I remember a surge piercing through me.
I was a lion, crouched at the top of a cliff, impaled with spears, roaring, in immense pain. But also in that moment, the most incredible strength coursed through me.
I arched my back and roared.
I felt my body opening up.
Immeasurable pain.
Immeasurable ecstasy.
Unbelievable strength.
And exultation.
Two weeks before my estimated due date, the first surges tickled me awake by urging my bowels to empty themselves.
I was 21 and labouring for the first time.
I was naive and innocent going into my first labour. I had no clue what to expect and Mistress Labour slapped me in the face.
I had to quickly put my big girl panties on.

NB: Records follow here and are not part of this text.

Lemma sol_lipschitz_param S : 0 <= S -> exists C, 0 <= C /\
  forall al be i s, Rabs al <= 1 -> Rabs be <= 1 -> (i < 5)%nat -> 0 <= s <= S ->
  Rabs (sol i be s - sol i al s) <= C * Rabs (be - al).
Proof.
  intros HS. destruct (vf_expansion theta Hcut (S + T) ltac:(lra)) as [K [HK HF]].
  exists (K * gronwall_const K S).
  split; [apply Rmult_le_pos; auto; apply gronwall_const_nonneg; auto|].
  intros al be i s Hal Hbe Hi Hs.
  pose proof (Rabs_pos (be - al)).
  replace (K * gronwall_const K S * Rabs (be - al))
    with (Rabs (K * Rabs (be - al)) * gronwall_const K S)
    by (rewrite Rabs_right by nra; ring).
  apply (gronwall5 (fun i s => sol i be s - sol i al s) (fun i s => rhs i be s - rhs i al s)
    K (K * Rabs (be - al)) S HK); auto.
  - intros j x Hj. apply (is_derive_minus (sol j be) (sol j al)); apply sol_ode.
  - intros j Hj. rewrite !sol_init by auto. ring.
  - intros j x Hj Hx.
    assert (Hb1 := sol_in_box S al x HS ltac:(rewrite Rabs_right; lra) Hal).
    assert (Hb2 := sol_in_box S be x HS ltac:(rewrite Rabs_right; lra) Hbe).
    destruct (HF _ _ _ _ (sol 4 al x) _ _ _ _ _ (sol 4 be x) _ Hb1 Hb2 j Hj)
      as (_ & _ & _ & _ & H5 & _).
    unfold rhs. eapply Rle_trans; [exact H5|]. unfold norm6, sum5. lra.
Qed.
Lemma unlift_perm_fun_inj : injective unlift_perm_fun.
Proof.
move=> k1 k2 /(congr1 (lift (s g))); rewrite !lift_unlift_perm_fun.
by move/perm_inj/lift_inj.
Qed.

Definition unlift_perm : 'S_m := perm unlift_perm_fun_inj.

Lemma lift_unlift_perm : s g = ord0 -> lift_perm g ord0 unlift_perm = s.
Proof.
move=> sg0; apply/permP => k; case: (unliftP g k) => [j|] ->.
  by rewrite lift_perm_lift permE -lift_unlift_perm_fun sg0.
by rewrite sg0; apply: lift_perm_id.
Qed.
End UnliftPerm.

Lemma unlift_lift_perm m (g : 'I_m.+1) (t : 'S_m) : unlift_perm g (lift_perm g ord0 t) = t.
Proof.
apply/permP => k; apply: (@lift_inj _ ord0).
by rewrite permE -{1}(lift_perm_id g ord0 t) lift_unlift_perm_fun lift_perm_lift.
Qed.

Lemma sum_perm_lift (R : nmodType) m (F : 'S_m.+1 -> R) :
  (\sum_(s : 'S_m.+1) F s = \sum_(t : 'S_m) \sum_(g < m.+1) F (lift_perm g ord0 t))%R.
Proof.
rewrite exchange_big /= (partition_big (fun s : 'S_m.+1 => s^-1%g ord0) predT) //=.
apply: eq_bigr => g _; rewrite (reindex (lift_perm g ord0)) /=.
  by apply: eq_bigl => t; rewrite lift_permV lift_perm_id eqxx.
exists (unlift_perm g) => [t _ | s /eqP sg]; first exact: unlift_lift_perm.
by apply: lift_unlift_perm; rewrite -sg permKV.
Qed.

Lemma LRmax_gt0 m (s : 'S_m) : 0 < m -> 0 < LRmax s.
Proof. by move=> m_gt0; rewrite /LRmax /LRmax_w size_pword; case: m s m_gt0. Qed.
#[export] Instance tm_comp_proper X Y Z : Proper (teq ==> teq ==> teq) (@tm_comp X Y Z).
Proof.
  intros g g' Hg f f' Hf. unfold tm_comp. rewrite Hg. apply teq_subst_single. simpl. auto.
Qed.
#[export] Instance tm_curry_proper Z X Y : Proper (teq ==> teq) (@tm_curry Z X Y).
Proof. intros f f' H. unfold tm_curry. rewrite H. reflexivity. Qed.
#[export] Instance tm_Dmap_proper X Y : Proper (teq ==> teq) (@tm_Dmap X Y).
Proof. intros f f' H. unfold tm_Dmap. rewrite H. reflexivity. Qed.

Lemma teq_subst_var0 {X A} (t : tm [X] A) (s : sub [X] [X]) :
  teq (s X Vz) tvar0 -> teq (subst s t) t.
Proof. intro H. rewrite <- (subst_ids _ _ t) at 2. apply teq_subst_single. auto. Qed.

Definition qid X : tmq X X := tclass tvar0.
Definition qcomp {X Y Z} (g : tmq Y Z) (f : tmq X Y) : tmq X Z := qlift2 tm_comp g f.
Definition qbang X : tmq X tyUnit := tclass tunit.
Definition qpi1 X Y : tmq (tyProd X Y) X := tclass (tfst tvar0).
Definition qpi2 X Y : tmq (tyProd X Y) Y := tclass (tsnd tvar0).
Definition qpairing {Z X Y} (f : tmq Z X) (g : tmq Z Y) : tmq Z (tyProd X Y) := qlift2 tpair f g.
Definition qev X Y : tmq (tyProd (tyArr X Y) X) Y := tclass (tapp (tfst tvar0) (tsnd tvar0)).
Definition qcurry {Z X Y} (f : tmq (tyProd Z X) Y) : tmq Z (tyArr X Y) := qlift1 tm_curry f.
Definition qDmap {X Y} (f : tmq X Y) : tmq (tyDia X) (tyDia Y) := qlift1 tm_Dmap f.
Definition qst X Y : tmq (tyProd X (tyDia Y)) (tyDia (tyProd X Y)) := tclass (tm_st X Y).
Definition qeta X : tmq X (tyDia X) := tclass (tret tvar0).

Lemma qcomp_tclass {X Y Z} (g : tm [Y] Z) (f : tm [X] Y) :
  qcomp (tclass g) (tclass f) = tclass (tm_comp g f).
Proof. apply qlift2_tclass. exact _. Qed.
Lemma qpairing_tclass {X Y Z} (f : tm [Z] X) (g : tm [Z] Y) :
  qpairing (tclass f) (tclass g) = tclass (tpair f g).
Proof. apply qlift2_tclass. exact _. Qed.
Lemma qcurry_tclass {Z X Y} (f : tm [tyProd Z X] Y) : qcurry (tclass f) = tclass (tm_curry f).
Proof. apply qlift1_tclass. exact _. Qed.
Lemma qDmap_tclass {X Y} (f : tm [X] Y) : qDmap (tclass f) = tclass (tm_Dmap f).
Proof. apply qlift1_tclass. exact _. Qed.

Ltac tclasses := repeat match goal with
  q : tmq _ _ |- _ => let t := fresh "t" in destruct (tclass_surjective q) as [t ->] end.

Ltac to_terms :=
  unfold prodmap, assoc; simpl; unfold qid, qbang, qpi1, qpi2, qev, qst, qeta;
  repeat rewrite ?qcomp_tclass, ?qpairing_tclass, ?qcurry_tclass, ?qDmap_tclass;
  apply tclass_eq; unfold tm_comp, tm_curry, tm_Dmap, tm_st, tvar0; simpl.

Ltac beta_norm :=
  repeat progress (unfold wk, subst1, subst1_wk, tvar0 in *; simpl;
    rewrite ?eq_fst_beta, ?eq_snd_beta, ?eq_letmap_assoc, ?eq_letmap_ret).

Lemma qcomp_assoc X Y Z W (f : tmq X Y) (g : tmq Y Z) (h : tmq Z W) :
  qcomp h (qcomp g f) = qcomp (qcomp h g) f.
Proof.
  tclasses; to_terms. rewrite subst_subst. apply teq_subst_single. reflexivity.
Qed.

Lemma qcomp_id_l X Y (f : tmq X Y) : qcomp (qid Y) f = f.
Proof. tclasses; to_terms. reflexivity. Qed.

Lemma qcomp_id_r X Y (f : tmq X Y) : qcomp f (qid X) = f.
Proof. tclasses; to_terms. apply teq_subst_var0. reflexivity. Qed.

Lemma qbang_unique X (f : tmq X tyUnit) : f = qbang X.
Proof. tclasses; to_terms. apply eq_unit_eta. Qed.

Lemma qpi1_pairing Z X Y (f : tmq Z X) (g : tmq Z Y) : qcomp (qpi1 X Y) (qpairing f g) = f.
Proof. tclasses; to_terms. apply eq_fst_beta. Qed.

Lemma qpi2_pairing Z X Y (f : tmq Z X) (g : tmq Z Y) : qcomp (qpi2 X Y) (qpairing f g) = g.
Proof. tclasses; to_terms. apply eq_snd_beta. Qed.

Lemma qpairing_unique Z X Y (h : tmq Z (tyProd X Y)) :
  h = qpairing (qcomp (qpi1 X Y) h) (qcomp (qpi2 X Y) h).
Proof. tclasses; to_terms. apply eq_prod_eta. Qed.

Lemma qev_curry Z X Y (f : tmq (tyProd Z X) Y) :
  qcomp (qev X Y) (qpairing (qcomp (qcurry f) (qpi1 Z X)) (qpi2 Z X)) = f.
Proof.
  tclasses; to_terms. rewrite eq_fst_beta, eq_snd_beta, eq_arr_beta. unfold subst1.
  rewrite !subst_subst. apply teq_subst_var0. simpl. symmetry; apply eq_prod_eta.
Qed.

Lemma qcurry_unique Z X Y (h : tmq Z (tyArr X Y)) :
  h = qcurry (qcomp (qev X Y) (qpairing (qcomp h (qpi1 Z X)) (qpi2 Z X))).
Proof.
  tclasses; to_terms. rewrite eq_fst_beta, !eq_snd_beta, subst_subst.
  etransitivity; [apply eq_arr_eta|]. apply eq_lam, eq_app; [|reflexivity].
  unfold wk. rewrite rename_as_subst. apply teq_subst_single. simpl. symmetry; apply eq_fst_beta.
Qed.

Definition term_ccc : CCC := {|
  obj := ty; hom := tmq; idm := qid; comp := @qcomp; comp_assoc := qcomp_assoc;
  comp_id_l := qcomp_id_l; comp_id_r := qcomp_id_r;
  one := tyUnit; bang := qbang; bang_unique := qbang_unique;
  prod := tyProd; pi1 := qpi1; pi2 := qpi2; pairing := @qpairing;
  pi1_pairing := qpi1_pairing; pi2_pairing := qpi2_pairing; pairing_unique := qpairing_unique;
  expo := tyArr; ev := qev; curry := @qcurry; ev_curry := qev_curry;
  curry_unique := qcurry_unique |}.

Lemma qDmap_id X : qDmap (qid X) = qid (tyDia X).
Proof. to_terms. symmetry. apply eq_letmap_id. Qed.

Lemma qDmap_comp X Y Z (f : tmq X Y) (g : tmq Y Z) : qDmap (qcomp g f) = qcomp (qDmap g) (qDmap f).
Proof.
  tclasses; to_terms. rewrite eq_letmap_assoc. unfold subst1_wk. rewrite !subst_subst.
  apply eq_letmap; [reflexivity|]. apply teq_subst_single. reflexivity.
Qed.

Notation qprodmap := (@prodmap term_ccc).
Notation qassoc := (@assoc term_ccc).

Lemma qst_natural X Y X' Y' (f : tmq X X') (g : tmq Y Y') :
  qcomp (qst X' Y') (qprodmap f (qDmap g)) = qcomp (qDmap (qprodmap f g)) (qst X Y).
Proof.
  tclasses; to_terms. beta_norm.
  repeat rewrite ?subst_subst, ?subst_rename, ?rename_subst.
  apply eq_letmap; [reflexivity|].
  apply eq_pair; apply teq_subst_single; beta_norm; reflexivity.
Qed.

Lemma qst_unit X : qcomp (qDmap (qpi2 tyUnit X)) (qst tyUnit X) = qpi2 tyUnit (tyDia X).
Proof. to_terms. beta_norm. symmetry; apply eq_letmap_id. Qed.

Lemma qst_assoc X Y Z :
  qcomp (qDmap (qassoc X Y Z)) (qst (tyProd X Y) Z)
  = qcomp (qst X (tyProd Y Z)) (qcomp (qprodmap (qid X) (qst Y Z)) (qassoc X Y (tyDia Z))).
Proof. to_terms. beta_norm. reflexivity. Qed.

Lemma qeta_natural X Y (f : tmq X Y) : qcomp (qDmap f) (qeta X) = qcomp (qeta Y) f.
Proof.
  tclasses; to_terms. beta_norm. apply eq_ret. rewrite !subst_subst. apply teq_subst_var0.
  reflexivity.
Qed.

Lemma qeta_strong X Y : qcomp (qst X Y) (qprodmap (qid X) (qeta Y)) = qeta (tyProd X Y).
Proof. to_terms. beta_norm. apply eq_ret. symmetry; apply eq_prod_eta. Qed.

Definition term_model : StrongPointed term_ccc := {|
  Dob := (tyDia : obj term_ccc -> obj term_ccc);
  Dmap := @qDmap; Dmap_id := qDmap_id; Dmap_comp := qDmap_comp;
  st := qst; st_natural := qst_natural; st_unit := qst_unit; st_assoc := qst_assoc;
  eta := qeta; eta_natural := qeta_natural; eta_strong := qeta_strong |}.

(** * Completeness *)

Notation ity_tm := (ity term_model tyBase).
Notation ictx_tm := (ictx term_model tyBase).
Notation itm_tm := (itm term_model tyBase).

Lemma ity_term_model A : ity_tm A = A.
Proof. induction A; simpl; congruence. Qed.

Fixpoint ctx_ty (G : ctx) : ty :=
  match G with [] => tyUnit | A :: G0 => tyProd (ctx_ty G0) A end.

Lemma ictx_term_model G : ictx_tm G = ctx_ty G.
Proof. induction G; simpl; try rewrite ity_term_model; congruence. Qed.

(* [ity_tm A] and [A] are equal but not convertible, so morphisms have to be transported. *)
Definition qcast {X X' Y Y'} (e1 : X = X') (e2 : Y = Y') (q : tmq X Y) : tmq X' Y' :=
  eq_rect Y (fun Y => tmq X' Y) (eq_rect X (fun X => tmq X Y) q X' e1) Y' e2.

Ltac uip := repeat match goal with e : ?a = ?a |- _ =>
  rewrite (proof_irrelevance _ e eq_refl) in *; clear e end.

Lemma qcast_comp {X X' Y Y' Z Z'} (e1 : X = X') (e2 : Y = Y') (e3 : Z = Z')
  (g : tmq Y Z) (f : tmq X Y) :
  qcast e1 e3 (qcomp g f) = qcomp (qcast e2 e3 g) (qcast e1 e2 f).
Proof. destruct e1, e2, e3; reflexivity. Qed.

Lemma qcast_pairing {X X' Y1 Y1' Y2 Y2'} (e1 : X = X') (ea : Y1 = Y1') (eb : Y2 = Y2')
  (e : tyProd Y1 Y2 = tyProd Y1' Y2') (f : tmq X Y1) (g : tmq X Y2) :
  qcast e1 e (qpairing f g) = qpairing (qcast e1 ea f) (qcast e1 eb g).
Proof. destruct e1, ea, eb; uip; reflexivity. Qed.

Lemma qcast_curry {X X' Y1 Y1' Y2 Y2'} (e1 : X = X') (e1' : tyProd X Y1 = tyProd X' Y1')
  (eb : Y2 = Y2') (e : tyArr Y1 Y2 = tyArr Y1' Y2') (f : tmq (tyProd X Y1) Y2) :
  qcast e1 e (qcurry f) = qcurry (qcast e1' eb f).
Proof. destruct e1, eb. injection e1'; intros; subst. uip; reflexivity. Qed.

Lemma qcast_Dmap {X X' Y Y'} (e1 : X = X') (e2 : Y = Y') (e1' : tyDia X = tyDia X')
  (e2' : tyDia Y = tyDia Y') (f : tmq X Y) :
  qcast e1' e2' (qDmap f) = qDmap (qcast e1 e2 f).
Proof. destruct e1, e2; uip; reflexivity. Qed.
Lemma upsample_c_even_rec r n :
  (n + 4)%:R * upsample (c_even r) (n + 4)%N =
  (2 * n%:R + 5 - 2 * r%:R) * upsample (c_even r) (n + 2)%N -
  (n%:R + 1 - 2 * r%:R) * upsample (c_even r) n.
Proof.
have [n_odd|n_even] := boolP (odd n).
  by rewrite /upsample !oddD n_odd /= !mulr0 subrr.
have [j ->] : exists j, n = (2 * j)%N by exists n./2; rewrite mul2n even_halfK.
have -> : (2 * j + 4 = 2 * j.+2)%N by lia.
have -> : (2 * j + 2 = 2 * j.+1)%N by lia.
rewrite !upsample_double.
by apply: etrans (etrans _ (c_evenSS r j)) _; rewrite ?natrD ?natrM; ring.
Qed.

Lemma cs_0_4_0 r m : let h := upsample (c_even r) in
  cs r 0 4 0 m = (h m, h (m%:Z - 1), h (m%:Z - 2), h (m%:Z - 3)).
Proof.
move=> h; elim: m => [|m IHm].
  by rewrite /h /= /c_even binr0 mulr1.
rewrite cs_0_4_0S IHm; congr (_, _, _, _); last by congr (h _); lia.
case: m {IHm} => [|[|[|q]]].
- by rewrite /h /=; field.
- by rewrite /h /upsample /= /c_even binr0 binrSr binr0; field.
- by rewrite /h /=; field.
have -> : (q.+3%:Z - 1 = (q + 2)%N) by lia.
have -> : (q.+3%:Z - 3 = q) by lia.
apply: (@mulfI _ (q + 4)%:R); first by rewrite pnatr_eq0 addn4.
have := upsample_c_even_rec r q; rewrite /h !addn4 => ->.
by rewrite mulrA mulfV ?pnatr_eq0 // mul1r -addn4 natrD; ring.
Qed.

Lemma c_0_4_0 r : c r 0 4 0 =1 upsample (c_even r).
Proof. by case=> [m|m] //; rewrite /c cs_0_4_0. Qed.

Definition punit (p : nat) (x : rat) : Prop :=
  exists a b : int, [/\ ~~ (p%:Z %| a)%Z, ~~ (p%:Z %| b)%Z & x = a%:~R / b%:~R].

Section PUnit.

Variable p : nat.
Hypotheses (p_prime : prime p) (p_odd : odd p).

Lemma ndvdzM (a b : int) :
  ~~ (p%:Z %| a)%Z -> ~~ (p%:Z %| b)%Z -> ~~ (p%:Z %| a * b)%Z.
Proof. by rewrite !dvdzE abszM Euclid_dvdM // negb_or => -> ->. Qed.

Lemma ndvdz_small (z : int) : z != 0 -> (`|z| < p)%N -> ~~ (p%:Z %| z)%Z.
Proof.
move=> z_neq0 z_lt_p; rewrite dvdzE /=; apply/negP => /dvdn_leq.
by rewrite absz_gt0 z_neq0 leqNgt z_lt_p => /(_ isT).
Qed.

Lemma punit_int (z : int) : z != 0 -> (`|z| < p)%N -> punit p z%:~R.
Proof.
move=> z_neq0 z_lt_p; exists z, 1; split; first exact: ndvdz_small.
  by rewrite dvdzE /= Euclid_dvd1.
by rewrite divr1.
Qed.

Lemma punit1 : punit p 1.
Proof. exact: (@punit_int 1) (prime_gt1 p_prime). Qed.

Lemma punit_nat (n : nat) : (0 < n < p)%N -> punit p n%:R.
Proof. by move=> /andP[n_gt0 n_lt_p]; rewrite pmulrn; apply: punit_int; lia. Qed.

Lemma punit_half (z : int) : z != 0 -> (`|z| < p)%N -> punit p (z%:~R / 2).
Proof.
move=> z_neq0 z_lt_p; exists z, 2; split => //; first exact: ndvdz_small.
have := odd_prime_gt2 p_odd p_prime.
by rewrite dvdzE ltnNge; apply: contra => /dvdn_leq ->.
Qed.

Lemma punitM x y : punit p x -> punit p y -> punit p (x * y).
Proof.
move=> [a [b [pa pb ->]]] [c [d [pc pd ->]]].
exists (a * c), (b * d); split; try exact: ndvdzM.
by rewrite !intrM invfM; ring.
Qed.

Lemma punitV x : punit p x -> punit p x^-1.
Proof. by move=> [a [b [pa pb ->]]]; exists b, a; rewrite invf_div. Qed.

Lemma punitN x : punit p x -> punit p (- x).
Proof.
move=> [a [b [pa pb ->]]]; exists (- a), b.
by rewrite dvdzE abszN -dvdzE intrN mulNr.
Qed.

Lemma punit_sign n : punit p ((-1) ^+ n).
Proof.
elim: n => [|n IHn]; first exact: punit1.
by rewrite exprS mulN1r; apply: punitN.
Qed.

Lemma punit_prod (I : Type) (r : seq I) (P : pred I) (F : I -> rat) :
  (forall i, P i -> punit p (F i)) -> punit p (\prod_(i <- r | P i) F i).
Proof. by move=> punitF; apply: big_ind punitF; [exact: punit1 | exact: punitM]. Qed.

Lemma punit_neq0 x : punit p x -> x != 0.
Proof.
move=> [a [b [pa pb ->]]]; rewrite mulf_neq0 ?invr_eq0 ?intr_eq0 //.
  by apply: contraNneq pa => ->; rewrite dvdz0.
by apply: contraNneq pb => ->; rewrite dvdz0.
Qed.

(* From [numq x * b = a * denq x] and coprimality of [numq x] and [denq x]. *)
Lemma punit_not_zero_modp x : punit p x -> not_zero_modp p x.
Proof.
move=> [a [b [pa pb x_ab]]].
have b_neq0 : (b%:~R : rat) != 0 by rewrite intr_eq0; apply: contraNneq pb => ->.
have cross : numq x * b = a * denq x.
  by apply/eqP; rewrite -(eqr_int rat) !intrM numqE x_ab; apply/eqP; field.
have not_both (n d : int) : coprime `|n| `|d| -> (p%:Z %| n)%Z -> ~~ (p%:Z %| d)%Z.
  move=> nd pn; apply/negP => pd; have := prime_gt1 p_prime.
  have : (p %| gcdn `|n| `|d|)%N by move: pn pd; rewrite dvdn_gcd !dvdzE => -> ->.
  by rewrite (eqP nd) dvdn1 => /eqP ->.
have cop := coprime_num_den x.
apply/andP; split; apply/negP => pdiv.
- have : (p%:Z %| numq x * b)%Z by rewrite cross dvdz_mull.
  rewrite dvdzE abszM Euclid_dvdM // -!dvdzE; case/orP => [pn|]; last exact/negP.
  by move: (not_both _ _ cop pn); rewrite pdiv.
- have : (p%:Z %| a * denq x)%Z by rewrite -cross dvdz_mulr.
  rewrite dvdzE abszM Euclid_dvdM // -!dvdzE; case/orP => [|pd]; first exact/negP.
  by move: (not_both _ _ cop pdiv); rewrite pd.
Qed.

Lemma punit_fact n : (n < p)%N -> punit p n`!%:R.
Proof.
elim: n => [|n IHn] lt_np; first exact: punit1.
by rewrite factS natrM; apply: punitM; [apply: punit_nat | apply: IHn]; lia.
Qed.

Lemma punit_ffactr_half (z : int) n :
  (forall t, (t < n)%N -> (`|(2 * z - 2 * t%:Z - 1)%R| < p)%N) ->
  punit p (ffactr (z%:~R - 2^-1) n).
Proof.
move=> small; apply: punit_prod => t _.
have -> : z%:~R - 2^-1 - t%:R = (2 * z - 2 * t%:Z - 1)%:~R / 2 :> rat.
  by rewrite !intrB !intrM -pmulrn; field.
by apply: punit_half => //; [apply/eqP; lia | apply: small].
Qed.

Lemma punit_det_binr_toeplitz r n M : (n <= M.+1)%N -> (M + n <= p)%N ->
  (2 * r + 2 * n < p + 3)%N -> (2 * M < p + 2 * r + 1)%N ->
  punit p (\det (\matrix_(i < n, j < n) binr (r%:R - 2^-1) (M + j - i))).
Proof.
move=> le_nM le_Mnp r_small M_small.
have punit_ff (i : 'I_n) : punit p (ffactr (r%:R - 2^-1 - M%:R + i%:R) i).
  have -> : r%:R - 2^-1 - M%:R + i%:R = (r%:Z - M%:Z + i%:Z)%:~R - 2^-1 :> rat.
    by rewrite !intrD intrN -!pmulrn; ring.
  by apply: punit_ffactr_half => t lt_ti; have := ltn_ord i; lia.
rewrite det_binr_toeplitz // => [|i]; last exact: punit_neq0 (punit_ff i).
apply: punitM; first apply: punitM.
- by apply: punit_prod => i _; apply: punitV.
- apply: punit_prod => i _; apply: punit_prod => j lt_ij.
  by apply: punit_nat; have := ltn_ord j; lia.
- apply: punit_prod => j _; have := ltn_ord j => lt_jn.
  apply: punitM; last by apply/punitV/punit_fact; lia.
  have -> : r%:R - 2^-1 + j%:R = (r + j)%N%:~R - 2^-1 :> rat.
    by rewrite -pmulrn natrD; ring.
  by apply: punit_ffactr_half => t lt_tMj; lia.
Qed.

Lemma punit_det_c_even_toeplitz r n M : (n <= M.+1)%N -> (M + n <= p)%N ->
  (2 * r + 2 * n < p + 3)%N -> (2 * M < p + 2 * r + 1)%N ->
  punit p (\det (\matrix_(u < n, v < n) c_even r (M + v - u))).
Proof.
move=> le_nM le_Mnp r_small M_small.
rewrite /c_even det_sign_toeplitz //.
by apply: punitM; [apply: punit_sign | apply: punit_det_binr_toeplitz].
Qed.

End PUnit.

Theorem proposition4p3 (r k p : nat) :
  (1 <= r)%N -> (1 <= k)%N -> prime p -> odd p -> (k + 2 * r - 2 < p)%N ->
  not_zero_modp p (P r k 0 4 0).
Proof.
move=> r_gt0 _ p_prime p_odd k_small; apply: punit_not_zero_modp => //.
have [m [o Ek]] : exists m (o : bool), k = (m + o + m)%N.
  by exists k./2, (odd k); have := odd_double_half k; lia.
subst k; rewrite /P; under eq_mx => i j do rewrite c_0_4_0.
have [|||e ->] := @det_upsample_toeplitz _ (c_even r) m (m + r) o
  ((m + o + m)%:Z + 2 * r%:Z - 1); try lia.
apply: punitM => //; first exact: punit_sign.
by apply: punitM => //; apply: punit_det_c_even_toeplitz => //; lia.
Qed.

The first few hours of early labour, gentle surges swaying my hips as I breathed them down, I thought,
“I’ve got this…this is easy…you just breathe through them.”
Yeah right….
When that first active surge slammed into my cervix I thought:
“FUUUUCK!”
I felt like a cowboy who’d lost control of his horse.
But somehow I was able to grab the reins and somehow with each surge, I stayed atop that bucking bronco called labour.
Yeeha!
And after 12 hours I pushed out a 5kg baby boy.
Giving birth to my first child, and birthing myself as a mother, changed and saved my life.
I was 21 when I realised how strong I was.
I was 21 when I held my warm and slippery baby against my chest for the first time and I realised how much love I had to give.
The seeds of love strength had always been in me but it was being given the space and time to navigate my way that watered those seeds and allowed them to sprout into the woman, mother and midwife I am today.
And for that, I am truly grateful.
And those seeds continue to grow…
I look forward to being a gnarled old tree one day.
To protect the seedlings still to come.